14. A pressure-charged internal combustion engine system, substantially as herein described, with reference to any of Figures 1,3 and 4, with or without the modification shown in Figure 2, of the accompanying drawings.

1 5. A cooling system for a charge air combustion engine, comprising a radiator mounted in series with the engine for circulation of a liquid coolant through said radiator and the engine for controlling the operating temperature of the engine; first and second charge air heat exchanger means for serial passage of charge air supplied to the engine; and means for circulating a liquid coolant having a first temperature level through said first heat exchanger means for first stage cooling of the charge air, and for circulating a liquid coolant having a second relatively lower temperature level through said second heat exchanger means for further and second stage cooling of the charge air.
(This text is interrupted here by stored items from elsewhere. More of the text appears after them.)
Lemma sum_sqr_sub_mean (I : finType) (d : I -> R) : (0 < #|I|)%N ->
  #|I|%:R * \sum_i (d i - (\sum_j d j) / #|I|%:R) ^+ 2 =
    #|I|%:R * \sum_i d i ^+ 2 - (\sum_i d i) ^+ 2.
Proof.
move=> I_gt0; under eq_bigr do rewrite sqrrB.
rewrite big_split sumrB /= sumrMnl -mulr_suml !sumr_const -mulr_natr.
by field; rewrite pnatr_eq0 -lt0n.
Qed.

End Spread.

Section KthBound.
Variable R : rcfType.

Lemma card_le_kth_bound (I : finType) (d : I -> R) k : (0 < k <= #|I|)%N ->
  (k <= #|[set i | (d i <= (\sum_j d j + Num.sqrt (k.-1%:R / (#|I| - k).+1%:R *
        (#|I|%:R * \sum_j d j ^+ 2 - (\sum_j d j) ^+ 2))) / #|I|%:R)%R]|)%N.
Proof.
move=> /andP[k_gt0 le_k_I]; have I_gt0 := leq_trans k_gt0 le_k_I.
have e_sum0 := sum_sub_mean d I_gt0; have nV := sum_sqr_sub_mean d I_gt0.
set N := #|I| in le_k_I e_sum0 nV *; set n : R := N%:R in e_sum0 nV *.
have n_gt0 : 0 < n by rewrite ltr0n.
set T := \sum_j d j in e_sum0 nV *; set e := fun i => d i - T / n in e_sum0 nV.
set V := \sum_i e i ^+ 2 in nV; set q : R := k.-1%:R / (N - k).+1%:R.
have V_ge0 : 0 <= V by apply: sumr_ge0 => i _; exact: sqr_ge0.
set r := Num.sqrt _; pose a := r / n.
have a_ge0 : 0 <= a by rewrite divr_ge0 ?sqrtr_ge0 ?ltW.
have na : n * a ^+ 2 = q * V.
  rewrite /a /r expr_div_n sqr_sqrtr -nV; last by rewrite !mulr_ge0 ?divr_ge0 ?ler0n.
  by field; rewrite gt_eqF.
rewrite leqNgt; apply/negP => few.
set J := [set i | (T + r) / n < d i]; set t := #|J|; set s := #|~: J|.
have t_big : ((N - k).+1 <= t)%N.
  have sJ : ~: J = [set i | d i <= (T + r) / n].
    by apply/setP => i; rewrite !inE -leNgt.
  by move: few (cardsC J); rewrite -sJ -/s -/t; lia.
have s_small : s%:R <= t%:R * q :> R.
  rewrite /q mulrA ler_pdivlMr ?ltr0n // -!natrM ler_nat mulnC.
  by apply: leq_mul => //; move: (cardsC J); rewrite -/s -/t; lia.
have ta_lt_X : t%:R * a < \sum_(i in J) e i.
  rewrite mulr_natl -sumr_const; apply: ltr_sum => [|i].
    move: (leq_trans (ltn0Sn _) t_big); rewrite card_gt0 => /set0Pn[i Ji].
    by apply/hasP; exists i; rewrite ?mem_index_enum.
  by rewrite inE mulrDl => lt_i; rewrite /e ltrBrDl.
have ta_ge0 : 0 <= t%:R * a by rewrite mulr_ge0 ?ler0n.
have : t%:R * s%:R * V <= n * (t%:R * a) ^+ 2.
  have -> : n * (t%:R * a) ^+ 2 = t%:R * (t%:R * q * V) by rewrite -mulrA -na; ring.
  by rewrite -mulrA ler_wpM2l ?ler0n // ler_wpM2r.
move=> /(le_trans (centered_subsum_sqr_le J e_sum0)).
rewrite ler_pM2l // ler_pXn2r ?nnegrE //; last exact: le_trans ta_ge0 (ltW ta_lt_X).
by rewrite leNgt ta_lt_X.
Qed.

End KthBound.

Section BoundaryLaplacian.
Variables (R : realType) (V : finType) (adj : rel V) (B : {set V}).
Hypothesis adj_sym : symmetric adj.

Definition laplacian (x y : V) : R := (x == y)%:R * (deg adj x)%:R - (adj x y)%:R.

Lemma laplacianC x y : laplacian x y = laplacian y x.
Proof. by rewrite /laplacian adj_sym eq_sym; case: eqVneq => [->|]; rewrite ?mul0r. Qed.

Lemma deg_sumE x : (deg adj x)%:R = \sum_y (adj x y)%:R :> R.
Proof.
rewrite /deg -sum1_card natr_sum big_mkcond; apply: eq_bigr => y _.
by rewrite inE; case: (adj x y).
Qed.

Lemma energy_laplacian (f : fspace R V) :
  energy adj f = \sum_x \sum_y f x * f y * laplacian x y.
Proof.
set D := \sum_x \sum_y (adj x y)%:R * f x ^+ 2.
set M := \sum_x \sum_y (adj x y)%:R * (f x * f y).
have D' : \sum_x \sum_y (adj x y)%:R * f y ^+ 2 = D.
  by rewrite exchange_big; apply: eq_bigr => x _; apply: eq_bigr => y _; rewrite adj_sym.
have -> : energy adj f = D - M.
  rewrite /energy (eq_bigr (fun x => \sum_y (adj x y)%:R * (f x - f y) ^+ 2)); last first.
    move=> x _; rewrite big_mkcond; apply: eq_bigr => y _.
    by case: (adj x y); rewrite ?mul1r ?mul0r.
  have -> : \sum_x \sum_y (adj x y)%:R * (f x - f y) ^+ 2 = D + D - M *+ 2.
    rewrite -{2}D' /D /M -sumrMnl -big_split -sumrB; apply: eq_bigr => x _.
    by rewrite -sumrMnl -big_split -sumrB; apply: eq_bigr => y _ /=; ring.
  by rewrite -mulr_natr; field.
rewrite /D /M -sumrB; apply: eq_bigr => x _.
rewrite /laplacian; under [RHS]eq_bigr do rewrite mulrBr.
rewrite sumrB; congr (_ - _); last by apply: eq_bigr => y _; ring.
rewrite [RHS](bigD1 x) //= [X in _ = _ + X]big1 => [|y /negPf yx]; last first.
  by rewrite (eq_sym x) yx mul0r mulr0.
by rewrite eqxx mul1r addr0 deg_sumE !mulr_sumr; apply: eq_bigr => y _; ring.
Qed.

(* Row vectors indexed by 'I_#|B| are functions on B through enum_val. *)
Definition extend0 (u : 'rV[R]_#|B|) : fspace R V :=
  [ffun x => \sum_(i | enum_val i == x) u 0 i].

Lemma extend0_enum_val u i : extend0 u (enum_val i) = u 0 i.
Proof. by rewrite ffunE (big_pred1 i) // => j; rewrite (inj_eq enum_val_inj). Qed.

Lemma extend0_notin u x : x \notin B -> extend0 u x = 0.
Proof. by move=> xB; rewrite ffunE big1 // => i /eqP ix; rewrite -ix enum_valP in xB. Qed.

Lemma extend0_is_linear : linear extend0.
Proof.
move=> a u v; apply/ffunP => x; rewrite !ffunE.
by under eq_bigr do rewrite !mxE; rewrite big_split /= scaler_sumr.
Qed.

HB.instance Definition _ :=
  GRing.isLinear.Build R 'rV[R]_#|B| (fspace R V) _ extend0 extend0_is_linear.

Lemma extend0_eq0 u : (extend0 u == 0) = (u == 0).
Proof.
apply/eqP/eqP => [u0|->]; last exact: raddf0.
by apply/rowP => i; rewrite -extend0_enum_val u0 ffunE mxE.
Qed.

Lemma sum_supported_on_B (F : V -> R) : (forall x, x \notin B -> F x = 0) ->
  \sum_x F x = \sum_(i < #|B|) F (enum_val i).
Proof.
move=> FB; rewrite (bigID (mem B)) /= [X in _ + X]big1 ?addr0 //.
exact: big_enum_val.
Qed.

Definition boundary_laplacian : 'M[R]_#|B| :=
  \matrix_(i, j) laplacian (enum_val i) (enum_val j).

Lemma energy_extend0 u :
  energy adj (extend0 u) = (u *m boundary_laplacian *m u^T) 0 0.
Proof.
rewrite energy_laplacian sum_supported_on_B => [|x xB]; last first.
  by apply: big1 => y _; rewrite extend0_notin ?mul0r.
rewrite !mxE; apply: eq_bigr => i _.
rewrite sum_supported_on_B => [|y yB]; last by rewrite (extend0_notin u yB) mulr0 mul0r.
rewrite !mxE mulr_suml; apply: eq_bigr => j _.
by rewrite !extend0_enum_val !mxE (laplacianC (enum_val j)); ring.
Qed.

Lemma bnorm2_extend0 u : bnorm2 B (extend0 u) = (u *m u^T) 0 0.
Proof.
rewrite /bnorm2 big_enum_val mxE; apply: eq_bigr => i _.
by rewrite extend0_enum_val mxE expr2.
Qed.

Lemma boundary_laplacian_sym : boundary_laplacian^T = boundary_laplacian.
Proof. by apply/matrixP => i j; rewrite !mxE laplacianC. Qed.

Hypothesis adj_irr : irreflexive adj.

Lemma mxtrace_boundary_laplacian :
  \tr boundary_laplacian = (\sum_(x in B) deg adj x)%:R.
Proof.
rewrite natr_sum big_enum_val; apply: eq_bigr => i _.
by rewrite mxE /laplacian eqxx mul1r adj_irr subr0.
Qed.

Lemma deg_in_sumE x :
  (deg_in adj B x)%:R = \sum_(j < #|B|) (adj x (enum_val j))%:R :> R.
Proof.
rewrite -(big_enum_val (fun y => (adj x y)%:R)) /deg_in -sum1_card natr_sum.
rewrite big_mkcond [RHS]big_mkcond /=; apply: eq_bigr => y _.
by rewrite inE; case: (y \in B); case: (adj x y).
Qed.

Lemma mxtrace_boundary_laplacian_sqr :
  \tr (boundary_laplacian *m boundary_laplacian) =
    (\sum_(x in B) deg adj x ^ 2)%:R + (\sum_(x in B) deg_in adj B x)%:R.
Proof.
rewrite !natr_sum -big_split big_enum_val; apply: eq_bigr => i _ /=.
rewrite mxE deg_in_sumE (bigD1 i) //= [in RHS](bigD1 i) //= adj_irr add0r.
rewrite !mxE /laplacian eqxx mul1r adj_irr subr0 natrX expr2; congr (_ + _).
apply: eq_bigr => j /negPf ji; rewrite !mxE /laplacian !(inj_eq enum_val_inj) (eq_sym i) ji.
rewrite !mul0r !sub0r mulrNN.
by rewrite adj_sym; case: (adj _ _); rewrite ?mulr1 ?mulr0.
Qed.

Lemma steklov_sigma_le_rows k (P : 'M[R]_(k, #|B|)) (lam : R) : row_free P ->
  (forall c : 'rV_k, (c *m P *m boundary_laplacian *m (c *m P)^T) 0 0 <=
                     lam * (c *m P *m (c *m P)^T) 0 0) ->
  (steklov_sigma R adj B k <= lam%:E)%E.
Proof.
move=> P_free quadP; pose X := [tuple extend0 (row j P) | j < k].
have extend0_comb (c : 'I_k -> R) : \sum_j c j *: X`_j = extend0 (\row_j c j *m P).
  by rewrite mulmx_sum_row linear_sum; apply: eq_bigr => j _; rewrite nth_mktuple mxE linearZ.
have freeX : free X.
  apply/freeP => c /eqP; rewrite extend0_comb extend0_eq0 mulmx_free_eq0 // => /eqP/rowP c0 j.
  by have := c0 j; rewrite !mxE.
apply: le_trans (ereal_inf_lbound _) _.
  by exists <<X>>%VS; first by rewrite /= (eqP freeX) size_tuple.
apply: ge_ereal_sup => _ [f [fX f_neq0] <-].
have [c fE] : exists c, f = extend0 (c *m P).
  by exists (\row_j coord X j f); rewrite -extend0_comb; exact: coord_span.
have cP_neq0 : c *m P != 0.
  by apply: contraNneq f_neq0 => cP0; rewrite fE cP0 raddf0.
have norm_gt0 := mulmx_tr_self_gt0 cP_neq0.
rewrite fE /rayleigh bnorm2_extend0 energy_extend0 (gt_eqF norm_gt0) lee_fin.
by rewrite ler_pdivrMr // mulrC.
Qed.

End BoundaryLaplacian.

Lemma deg_in_le_deg (V : finType) (adj : rel V) (B : {set V}) x :
  (deg_in adj B x <= deg adj x)%N.
Proof. by rewrite /deg_in setIdE subset_leq_card // subsetIr. Qed.

Theorem mainTheorem10 (R : realType) (V : finType) (adj : rel V) (B : {set V})
  (k : nat) :
  simple_graph adj -> (2 <= #|B|)%N -> (1 <= k <= #|B|)%N ->
  let b : R := #|B|%:R in
  let S1 : R := (\sum_(x in B) deg adj x)%:R in
  let S2 : R := (\sum_(x in B) (deg adj x) ^ 2)%:R in
  let S1' : R := (\sum_(x in B) deg_in adj B x)%:R in
  let q : R := (k.-1)%:R / (#|B| - k).+1%:R in
  (steklov_sigma R adj B k
     <= ((S1 + Num.sqrt (q * (b * (S2 + S1') - S1 ^+ 2))) / b)%:E)%E /\
  (S1 + Num.sqrt (q * (b * (S2 + S1') - S1 ^+ 2))) / b
     <= (S1 + Num.sqrt (q * (b * (S2 + S1) - S1 ^+ 2))) / b.
Proof.
move=> [adj_sym adj_irr] B_ge2 k_range b S1 S2 S1' q.
have b_gt0 : 0 < b by rewrite ltr0n (leq_trans _ B_ge2).
split; last first.
  rewrite ler_pM2r ?invr_gt0 // lerD2l ler_wsqrtr // ler_wpM2l ?divr_ge0 ?ler0n //.
  by rewrite lerD2r ler_pM2l // lerD2l ler_nat leq_sum // => x _; exact: deg_in_le_deg.
have [E [d [EE EA]]] := symmetric_orthonormal_eigenrows
  (boundary_laplacian_sym R B adj_sym) (leqnn #|B|).
have [trL trL2] := mxtrace_orthonormal_eigen EE EA.
have := @card_le_kth_bound R _ (d 0) k; rewrite card_ord => /(_ k_range).
rewrite -trL -trL2 (mxtrace_boundary_laplacian R B adj_irr).
rewrite (mxtrace_boundary_laplacian_sqr R B adj_sym adj_irr) => kI.
pose g (j : 'I_k) := enum_val (widen_ord kI j).
have g_inj : injective g.
  by move=> j j' /enum_val_inj /(congr1 val) /= /val_inj.
have [PP PA] := rowsub_orthonormal_eigen g_inj EE EA.
apply: (steklov_sigma_le_rows adj_sym (P := rowsub g E)).
  by apply/row_freeP; exists (rowsub g E)^T.
apply: orthonormal_eigen_quad_le PP PA _ => j; rewrite mxE.
by have := enum_valP (widen_ord kI j); rewrite inE.
Qed.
1 6. A method of operating a pressure-charged internal combustion engine system, in which method a liquid coolant is circulated around a loop containing the engine, and is cooled in its passage around the loop before returning to the engine, and compressed charge air is cooled, in two stages, by heat transfer to a liquid coolant or coolants, and is then supplied to the engine, the liquid coolant for the first stage of charge air cooling being taken from the engine cooling loop, at a point where the coolant has been cooled before returning to the engine, and the liquid coolant supplied for the second stage of charge air cooling is at a lower temperature than that supplied for the first stage of charge air cooling.